Finalizers in Detail:

  1. wrangler.cattle.io/provisioning-cluster-remove:
    Ensures that Rancher-specific cluster resources are removed, including configuration files and workload definitions.

  2. wrangler.cattle.io/rke-cluster-remove:
    Handles tasks specific to RKE clusters, like cleaning up associated configurations and cluster-related components.

  3. wrangler.cattle.io/cloud-config-secret-remover:
    Deletes cloud integration secrets (e.g., AWS or Azure credentials) that were used during the cluster’s lifecycle.


Cluster API (CAPI) Finalizers

Cluster API (CAPI) is a Kubernetes project for declarative cluster management. It provides APIs to manage the lifecycle of clusters and their infrastructure. CAPI resources such as Cluster and Machine use finalizers to coordinate tasks like infrastructure teardown and control plane cleanup.

Example: CAPI Cluster Finalizers

apiVersion: cluster.x-k8s.io/v1beta1
kind: Cluster
metadata:
  finalizers:
  - cluster.cluster.x-k8s.io
  name: a1-ops-lab
  namespace: fleet-default
ownerReferences:
  - apiVersion: provisioning.cattle.io/v1
    blockOwnerDeletion: true
    controller: true
    kind: Cluster
    name: a1-ops-lab

Finalizers in Detail:

  1. cluster.cluster.x-k8s.io:
    Ensures that the infrastructure (e.g., virtual machines, load balancers, storage) is deprovisioned before the cluster resource is deleted.

  2. Owner References:
    The ownerReferences field links the CAPI Cluster to its Rancher Cluster resource. This ensures that Rancher-specific tasks are completed before the infrastructure cleanup begins.


The Lifecycle of Rancher and CAPI Finalizers

When a Rancher or CAPI-managed cluster is deleted, the following sequence of events typically occurs:

  1. Rancher Finalizer Execution:
    Rancher finalizers handle cleanup tasks related to Rancher-specific resources, such as node pools, workload monitoring, and cloud configurations.

  2. CAPI Finalizer Execution:
    The CAPI cluster.cluster.x-k8s.io finalizer tears down underlying infrastructure, including virtual machines, load balancers, and storage volumes.

  3. Finalizer Removal:
    Once cleanup tasks are complete, the respective controllers remove the finalizers, allowing the cluster resource to be deleted.
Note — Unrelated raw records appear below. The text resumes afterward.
(* With g = h p and d_i = h q, pass to the generators z = p y - q u_i and w = m y + n u_i
   of the same module: h z lies in the span of u with u_i replaced by w, so h enters the
   maximal ideal Rg, whence d_i = h q lies in gR. *)
Lemma maximal_coef_divisible (y : M) u g d :
  (forall z u', size u' = size u -> span_eq (y :: u) (z :: u') ->
     {subset ann_mod y u <= ann_mod z u'} -> {subset ann_mod z u' <= ann_mod y u}) ->
  (forall r, r \in ann_mod y u <-> exists a, r = a * g) ->
  g *: y = lincomb d u ->
  forall i, (i < size u)%N -> exists f, d i = g * f.
Proof.
move=> ymax annE gy i ltiu.
have [h [p [q [v [w [gE dE pvqw [a gEl]]]]]]] :=
  left_bezout domR principalR duoR g (d i).
have [m [n [r [s [e1 e2 e3 e4]]]]] := unimodular_completion domR principalR pvqw.
pose z := p *: y + (- q) *: u`_i.
pose w' := m *: y + n *: u`_i.
pose u' := set_nth 0 u i w'.
have size_u' : size u' = size u by rewrite size_set_nth; apply/maxn_idPr.
have yu_zu' : span_eq (y :: u) (z :: u').
  apply: span_eq_set_nth => //; try exact: in_span2.
  - have -> : y = v *: z + r *: w'.
      rewrite !scalerDr !scalerA addrACA -!scalerDl e1 mulrN e2 addNr.
      by rewrite scale1r scale0r addr0.
    exact: in_span2.
  - have -> : u`_i = (- w) *: z + s *: w'.
      rewrite !scalerDr !scalerA addrACA -!scalerDl mulNr e3 addNr mulrNN e4.
      by rewrite scale1r scale0r add0r.
    exact: in_span2.
have hz_ann : h \in ann_mod z u'.
  apply/asboolP.
  have -> : h *: z = lincomb d u' - d i *: w'.
    by rewrite lincomb_set_nth // -gy addrK scalerDr !scalerA -gE mulrN -dE scaleNr.
  apply: in_spanB; first by exists d.
  apply: in_spanZ; move: (in_span_nth (u := u') (k := i)).
  by rewrite nth_set_nth /= eqxx size_u'; apply.
have /annE[b hb] : h \in ann_mod y u.
  apply: (ymax z u' size_u' yu_zu') => // x /annE[c ->].
  by rewrite gEl mulrA; case: (left_ideal_ann_mod z u') => _ _; apply.
have [f bg] := duoR g b.
by exists (f * q); rewrite dE hb bg mulrA.
Qed.

Lemma decomposition (s : seq M) : exists2 t, span_eq s t & independent t.
Proof.
move: {2}(size s) (erefl (size s)) => n.
elim: n s => [|n IHn] [|x s] // => [_|[sz_s]]; first by exists [::].
pose ok (p : M * seq M) := size p.2 = n /\ span_eq (x :: s) (p.1 :: p.2).
have [[y u] [/= sz_u xs_yu] ymax] :=
  left_noetherian_maximal (P := ok) noethR (fun p _ => left_ideal_ann_mod p.1 p.2)
    (conj sz_s (fun=> iff_refl _) : ok (x, s)).
have [g annE] := principalR (left_ideal_ann_mod y u).
have /asboolP[d gy] : g \in ann_mod y u by apply/annE; exists 1; rewrite mul1r.
have [f df] : {f : nat -> R & forall i, (i < size u)%N -> d i = g * f i}.
  apply: (choice (P := fun i fi => (i < size u)%N -> d i = g * fi)) => i.
  have [ltiu|geiu] := ltnP i (size u); last by exists 0.
  have [|fi dfi] := maximal_coef_divisible _ annE gy ltiu; last by exists fi.
  move=> z u' sz_u' yu_zu'; apply: (ymax (z, u')).
  by split=> [|m] /=; [rewrite sz_u' | rewrite xs_yu].
pose y' := y - lincomb f u.
have gy' : g *: y' = 0.
  by rewrite /y' scalerBr gy scaler_lincomb (eq_lincomb df) subrr.
have yu_y'u : span_eq (y :: u) (y' :: u).
  have fu_yu z : in_span (z :: u) (lincomb f u) by apply/in_span_cons; exists f.
  apply: span_eq_gen => -[|i] /= lti; try by apply/in_span_cons/in_span_nth.
    by apply: in_spanB => //; apply: in_span_head.
  by rewrite -[y](subrK (lincomb f u)); apply: in_spanD => //; apply: in_span_head.
have [t u_t indep_t] := IHn u sz_u.
exists (y' :: t); first by move=> m; rewrite xs_yu yu_y'u; apply: span_eq_cons.
apply: independent_cons u_t indep_t _ => c cy'.
have /annE[b ->] : c \in ann_mod y u.
  apply/asboolP; rewrite -[y](subrK (lincomb f u)) scalerDr.
  by apply: in_spanD => //; apply: in_spanZ; exists f.
by rewrite -scalerA gy' scaler0.
Qed.

End Decomposition.

Lemma left_FGC_of_principal (R : nzRingType) :
  no_zero_divisors R -> right_duo R -> left_principal R -> left_noetherian R ->
  left_FGC R.
Proof.
move=> domR duoR principalR noethR M /fin_generatedP[s spans].
have [t st indep_t] := decomposition domR principalR duoR noethR s.
by apply/direct_sum_of_cyclicsP; exists t; split=> // m; apply/st.
Qed.

Section TwoGeneratedIdeal.
Variables (R : nzRingType) (a b : R).

Definition lideal2_pred : {pred R^o} := lideal2 a b.

Fact lideal2_submod_closed : submod_closed lideal2_pred.
Proof.
have [ideal0 idealD idealM] := left_ideal_lideal2 a b.
by split=> // k x y Ix Iy; apply: idealD => //; apply: idealM.
Qed.
HB.instance Definition _ :=
  GRing.isSubmodClosed.Build R R^o lideal2_pred lideal2_submod_closed.

Record lideal2_mod := Lideal2 { lideal2_val : R^o; _ : lideal2_val \in lideal2_pred }.
HB.instance Definition _ := [isSub for lideal2_val].
HB.instance Definition _ := [Choice of lideal2_mod by <:].
HB.instance Definition _ := [SubChoice_isSubLmodule of lideal2_mod by <:].

End TwoGeneratedIdeal.

Lemma lideal2_principal (R : nzRingType) :
  no_zero_divisors R -> left_duo R -> left_FGC R ->
  forall a b : R, exists c, forall x, x \in lideal2 a b <-> exists r, x = r * c.
Proof.
move=> domR duoR fgcR a b.
have [_ _ idealM] := left_ideal_lideal2 a b.
have fg : fin_generated (lideal2_mod a b).
  apply/fin_generatedP; exists [:: Lideal2 (lideal2_l a b); Lideal2 (lideal2_r a b)].
  case=> x Ix; have /asboolP[r [s xE]] := Ix.
  have -> : Lideal2 Ix = r *: Lideal2 (lideal2_l a b) + s *: Lideal2 (lideal2_r a b).
    by apply: val_inj.
  exact: in_span2.
have /direct_sum_of_cyclicsP[t [spans indep_t]] := fgcR _ fg.
(* For nonzero x, y the common multiple r x = x y is nonzero, R being a left duo domain. *)
have uniform (x y : lideal2_mod a b) : x != 0 -> y != 0 ->
    exists r1 r2, r1 *: x = r2 *: y /\ r1 *: x != 0.
  move=> xn0 yn0; have [r xyE] := duoR (val x) (val y).
  exists r, (val x); split; first exact/val_inj/esym.
  apply: contra xn0 => /eqP/(congr1 val) /= rx0.
  case: (domR (val x) (val y)); first by rewrite xyE.
    by move=> x0; apply/eqP/val_inj.
  by move=> y0; rewrite -(inj_eq val_inj) y0 eqxx in yn0.
have [z zt] := independent_uniform_cyclic uniform indep_t.
exists (val z) => x; split=> [Ix|[r ->]]; last exact/idealM/valP.
have [c] := in_span_trans zt (spans (Lideal2 Ix)).
rewrite lincomb_cons lincomb_nil addr0 => /(congr1 val) /= ->.
by exists (c 0%N).
Qed.

Lemma principal_of_lideal2 (R : nzRingType) : left_noetherian R ->
  (forall a b : R, exists c, forall x, x \in lideal2 a b <-> exists r, x = r * c) ->
  left_principal R.
Proof.
move=> noethR lideal2E I idealI; have [I0 ID IM] := idealI.
have [a Ia amax] := left_noetherian_maximal (P := fun a => a \in I) noethR
  (fun a _ => left_ideal_lmultiples a) I0.
exists a => x; split=> [Ix|[r ->]]; last exact: IM.
have [c cE] := lideal2E a x.
have Ic : c \in I.
  have /asboolP[r [s ->]] : c \in lideal2 a x by apply/cE; exists 1; rewrite mul1r.
  by apply: ID; apply: IM.
have ac : {subset lmultiples a <= lmultiples c}.
  move=> y /asboolP[r ->]; have /cE[r' ->] := lideal2_l a x.
  by apply/asboolP; exists (r * r'); rewrite mulrA.
have /cE xc : x \in lideal2 a x := lideal2_r a x.
by have /asboolP := amax c Ic ac x (introT (asboolP _) xc).
Qed.

Lemma principal_of_left_FGC (R : nzRingType) :
  no_zero_divisors R -> left_duo R -> left_FGC R -> left_noetherian R ->
  left_principal R.
Proof.
move=> domR duoR fgcR noethR.
exact: principal_of_lideal2 noethR (lideal2_principal domR duoR fgcR).
Qed.

Section DuoRing.
Variable R : nzRingType.
Hypothesis duoR : duo_ring R.

Lemma duo_ring_left_duo : left_duo R.
Proof.
move=> a x; have [_ _ idealM] := duoR.1 _ (left_ideal_lmultiples a).
by apply/asboolP/idealM/asboolP; exists 1; rewrite mul1r.
Qed.

Lemma duo_ring_right_duo : right_duo R.
Proof.
move=> a x; have [_ _ idealM] := duoR.2 _ (left_ideal_lmultiples (a : R^c)).
by apply/asboolP/idealM/asboolP; exists 1; rewrite mul1r.
Qed.

Lemma duo_ring_conv : duo_ring R^c.
Proof. by split; [exact: duoR.2 | exact: duoR.1]. Qed.

Lemma left_principal_conv : left_principal R -> left_principal R^c.
Proof.
move=> principalR I idealI; have [g gE] := principalR I (duoR.2 I idealI).
exists g => x; rewrite gE; split=> -[r ->].
  by have [y ry] := duo_ring_right_duo g r; exists y.
by have [y ry] := duo_ring_left_duo g r; exists y.
Qed.

Lemma principal_ideal_ringE : principal_ideal_ring R <-> left_principal R.
Proof. by split=> [[]|principalR] //; split=> //; apply: left_principal_conv. Qed.

Hypothesis primeR : prime_ring R.

Lemma prime_duo_no_zero_divisors : no_zero_divisors R.
Proof.
move=> a b ab0; apply: primeR => r.
by have [y ry] := duo_ring_right_duo b r; rewrite -mulrA ry mulrA ab0 mul0r.
Qed.

Lemma prime_ring_conv : prime_ring R^c.
Proof.
move=> a b abc; have [|b0|a0] := primeR (a := b) (b := a); last by left.
- by move=> r; rewrite -mulrA; apply: abc.
- by right.
Qed.

Lemma left_FGC_principal :
  left_noetherian R -> left_FGC R <-> left_principal R.
Proof.
move=> noethR; have domR := prime_duo_no_zero_divisors.
split=> [fgcR|principalR].
  exact: principal_of_left_FGC domR duo_ring_left_duo fgcR noethR.
exact: left_FGC_of_principal domR duo_ring_right_duo principalR noethR.
Qed.

End DuoRing.

Theorem proposition3p5 (R : nzRingType) :
  noetherian R -> prime_ring R -> duo_ring R ->
  (FGC R <-> left_FGC R) /\ (left_FGC R <-> principal_ideal_ring R) /\
  (principal_ideal_ring R <-> right_FGC R).
Proof.
move=> [noethL noethR] primeR duoR.
have left_FGCE := left_FGC_principal duoR primeR noethL.
have right_FGCE : right_FGC R <-> left_principal R^c :=
  left_FGC_principal (duo_ring_conv duoR) (prime_ring_conv primeR) noethR.
have convE : left_principal R <-> left_principal R^c.
  split; first exact: left_principal_conv.
  exact: left_principal_conv (duo_ring_conv duoR).
rewrite /FGC (principal_ideal_ringE duoR) right_FGCE -convE left_FGCE.
tauto.
Qed.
This process ensures that no resources are left dangling, which could lead to unnecessary costs or inconsistencies.


Troubleshooting Stuck Finalizers

Finalizers can occasionally get stuck, leaving a cluster resource in a Terminating state. This usually happens when the cleanup tasks fail or when there are configuration issues.

How to Identify Stuck Finalizers

  1. Inspect the Resource:
    Use kubectl to view the finalizers on the stuck resource:

    kubectl get clusters.provisioning.cattle.io -n fleet-default a1-ops-lab -o yaml
    
  2. Check Logs:
    Look at the controller logs (Rancher or CAPI) to identify errors during the cleanup process.
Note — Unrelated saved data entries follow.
Lemma exists_small_scale (A c : R) : 0 < c ->
  exists eta, 0 < eta /\ eta <= 1 /\ forall d, Rabs d <= eta -> A * d < c.
Proof.
  intros hc. pose proof (Rabs_pos A).
  exists (Rmin 1 (c / (Rabs A + 1))). repeat split.
  - apply Rmin_pos; [lra|apply Rdiv_lt_0_compat; lra].
  - apply Rmin_l.
  - intros d Hd.
    assert (Hd' : Rabs d <= c / (Rabs A + 1)) by (eapply Rle_trans; [exact Hd|apply Rmin_r]).
    assert (A * d <= Rabs A * Rabs d) by (rewrite <- Rabs_mult; apply Rle_abs).
    assert (Rabs A * Rabs d <= Rabs A * (c / (Rabs A + 1)))
      by (apply Rmult_le_compat_l; assumption).
    assert (Rabs A * (c / (Rabs A + 1)) < c)
      by (apply (Rmult_lt_reg_r (Rabs A + 1)); [lra|]; field_simplify; lra).
    lra.
Qed.

(* [D] is conserved and small near [e], so the quartic bound confines every trajectory that
   starts near [e] and remains in [Q]; [Q] need only be invariant for such trajectories. *)
Lemma lyap_stable_of_isolating_integral (f : state -> state) (e : state)
    (D : state -> R) (Q : state -> Prop) (A : R) :
  first_integral f D -> continuous D e -> D e = 0 -> locally e Q ->
  (exists eta0, 0 < eta0 /\ forall z, is_trajectory f z -> D (z 0) < eta0 -> Q (z 0) ->
     forall t, 0 <= t -> Q (z t)) ->
  (forall p, Q p -> D p <= 1 -> quartic_dist e p <= A * D p) ->
  lyap_stable f e.
Proof.
  intros HD HDc HDe HQ [eta0 [Heta0 HQinv]] Hbound U [eps HU].
  pose proof (cond_pos eps) as Heps.
  destruct (exists_small_scale A (eps ^ 4)) as [eta1 [Heta1 [Heta1_le HA]]];
    [apply pow_lt; lra|].
  set (eta := Rmin eta0 eta1).
  assert (Heta : 0 < eta) by (apply Rmin_pos; lra).
  assert (eta <= eta0 /\ eta <= eta1) by (split; [apply Rmin_l|apply Rmin_r]).
  exists (fun p => Rabs (D p) < eta /\ Q p). split.
  - apply filter_and; [|exact HQ].
    apply (filter_imp (fun p => ball (D e) (mkposreal eta Heta) (D p))).
    + rewrite HDe. intros p. unfold ball; cbn. unfold AbsRing_ball, abs, minus, plus, opp; cbn.
      now rewrite Ropp_0, Rplus_0_r.
    + now apply filterlim_locally.
  - intros z Hz [Hz0 HQz0] t Ht. apply HU.
    rewrite <- (HD z Hz t Ht) in Hz0.
    assert (HQt : Q (z t)).
    { apply (HQinv z Hz); auto. rewrite <- (HD z Hz t Ht). apply Rabs_def2 in Hz0. lra. }
    apply ball_of_quartic_dist_lt; [exact Heps|].
    eapply Rle_lt_trans; [apply Hbound; [exact HQt|apply Rabs_def2 in Hz0; lra]|].
    apply HA. lra.
Qed.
How to Remove Stuck Finalizers

If cleanup cannot be retried, you can remove the finalizers manually as a last resort.

Rancher Resource:

kubectl patch clusters.provisioning.cattle.io -n fleet-default a1-ops-lab -p '{"metadata":{"finalizers":[]}}' --type=merge

CAPI Resource:

kubectl patch clusters.cluster.x-k8s.io -n fleet-default a1-ops-lab -p '{"metadata":{"finalizers":[]}}' --type=merge

After removing the finalizers, make sure to manually clean up any leftover infrastructure or configurations.


Best Practices for Managing Rancher and CAPI Finalizers

  1. Enable Logging:
    Ensure that both Rancher and CAPI controllers have proper logging enabled to debug stuck finalizers effectively.

  2. Monitor Resources:
    Regularly audit cluster resources for stuck finalizers or incomplete cleanup tasks.

  3. Use Automation:
    Automate cleanup tasks where possible to reduce manual intervention and prevent errors.
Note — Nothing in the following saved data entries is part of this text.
(* Log-sum over the labels s, with a_s = p_s P_s(n) and b_s = p_s sqrt P_s(n);
   equivalently, convexity of t ln t at the point mix(n) / root_mix(n). *)
Lemma pointwise_bound (n : T) :
  mix n * (ln (mix n) - ln (root_mix n))
  <= \sum_s p s * P s n * ln (Num.sqrt (P s n)).
Proof.
pose x s := Num.sqrt (P s n).
have sqr_x s : x s ^+ 2 = P s n by rewrite sqr_sqrtr.
have x_ge0 s : 0 <= x s by exact: sqrtr_ge0.
have mixE : mix n = \sum_s p s * x s ^+ 2 by apply: eq_bigr => s _; rewrite sqr_x.
rewrite [leRHS](eq_bigr (fun s => p s * x s ^+ 2 * (ln (p s * x s ^+ 2) - ln (p s * x s)))).
  rewrite mixE; apply: (@log_sum_inequality R _ predT) => s.
  - exact: mulr_ge0 (ltW (p_gt0 s)) (sqr_ge0 _).
  - exact: mulr_ge0 (ltW (p_gt0 s)) (x_ge0 s).
  - rewrite pmulr_rgt0 // exprn_even_gt0 //= => x_neq0.
    by rewrite mulr_gt0 // lt0r x_neq0 x_ge0.
move=> s _; rewrite -/(x s) -sqr_x.
have [->|x_neq0] := eqVneq (x s) 0; first by rewrite expr0n !mulr0 !mul0r.
have x_gt0 : 0 < x s by rewrite lt0r x_neq0 x_ge0.
rewrite -[in ln (p s * x s)](mulr1 (p s * x s)) expr2 mulrA.
by rewrite ln_cancel_common ?mulr_gt0 // ln1 subr0.
Qed.

Lemma mixture_information_ge :
  - \sum_s p s * ln (\sum_r p r * bhattacharyya (P s) (P r))
  <= - \sum_(n in A) xlnx (mix n) - \sum_s p s * (- \sum_(n in A) xlnx (P s n)).
Proof.
pose L n := \sum_s p s * P s n * ln (Num.sqrt (P s n)).
have components : - \sum_s p s * ln (\sum_r p r * bhattacharyya (P s) (P r))
    <= \sum_s p s * \sum_(n in A) P s n * (ln (Num.sqrt (P s n)) - ln (root_mix n)).
  rewrite -sumrN; apply: ler_sum => s _; rewrite -mulrN.
  by apply: ler_wpM2l; [exact: ltW | exact: component_bound].
have componentsE :
    \sum_s p s * \sum_(n in A) P s n * (ln (Num.sqrt (P s n)) - ln (root_mix n))
    = \sum_(n in A) (L n - mix n * ln (root_mix n)).
  under eq_bigr => s _ do rewrite mulr_sumr.
  rewrite exchange_big; apply: eq_bigr => n _.
  by rewrite /L /mix mulr_suml -sumrB; apply: eq_bigr => s _; ring.
have conditionalE :
    \sum_s p s * (- \sum_(n in A) xlnx (P s n)) = - (2 * \sum_(n in A) L n).
  rewrite /L exchange_big mulr_sumr -sumrN; apply: eq_bigr => s _.
  rewrite mulrN mulr_sumr mulr_sumr; congr (- _); apply: eq_bigr => n _.
  by rewrite xlnxE ln_sqrtr; field.
have pointwise : \sum_(n in A) (xlnx (mix n) - mix n * ln (root_mix n))
    <= \sum_(n in A) L n.
  by apply: ler_sum => n _; rewrite xlnxE -mulrBr; exact: pointwise_bound.
move: components pointwise; rewrite componentsE conditionalE !sumrB; lra.
Qed.

End Mixture.

Arguments bhattacharyya {R T} A f g.

Section TruncatedMultinomial.
Variables (R : numFieldType) (D : nat).

Lemma natr_fact_neq0 (n : nat) : (n`!)%:R != 0 :> R.
Proof. by rewrite pnatr_eq0 -lt0n fact_gt0. Qed.

Definition trunc_exp (y : R) : {poly R} :=
  \sum_(j < D.+1) (y ^+ j / (j`!)%:R) *: 'X^j.

Lemma coef_trunc_exp (y : R) (j : nat) : (j <= D)%N ->
  (trunc_exp y)`_j = y ^+ j / (j`!)%:R.
Proof.
move=> le_jD; rewrite /trunc_exp coef_sum.
under eq_bigr => i _ do rewrite coefZ coefXn.
rewrite (bigD1 (Ordinal (le_jD : (j < D.+1)%N))) //= eqxx mulr1 big1 ?addr0 //.
move=> i /negbTE i_neq_j; rewrite (_ : (j == i) = false) ?mulr0 //.
by apply/negbTE; apply: contraFneq i_neq_j => j_eq_i; apply/eqP/val_inj.
Qed.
  4. Avoid Force-Removing Finalizers:
    Only remove finalizers manually when absolutely necessary, and always clean up orphaned resources afterward.


Rancher and Cluster API finalizers are essential tools for managing Kubernetes clusters efficiently. They ensure that resources are deprovisioned in a clean and predictable manner, reducing the risk of dangling infrastructure or inconsistencies. By understanding their role and following best practices, you can confidently manage cluster lifecycles in complex environments.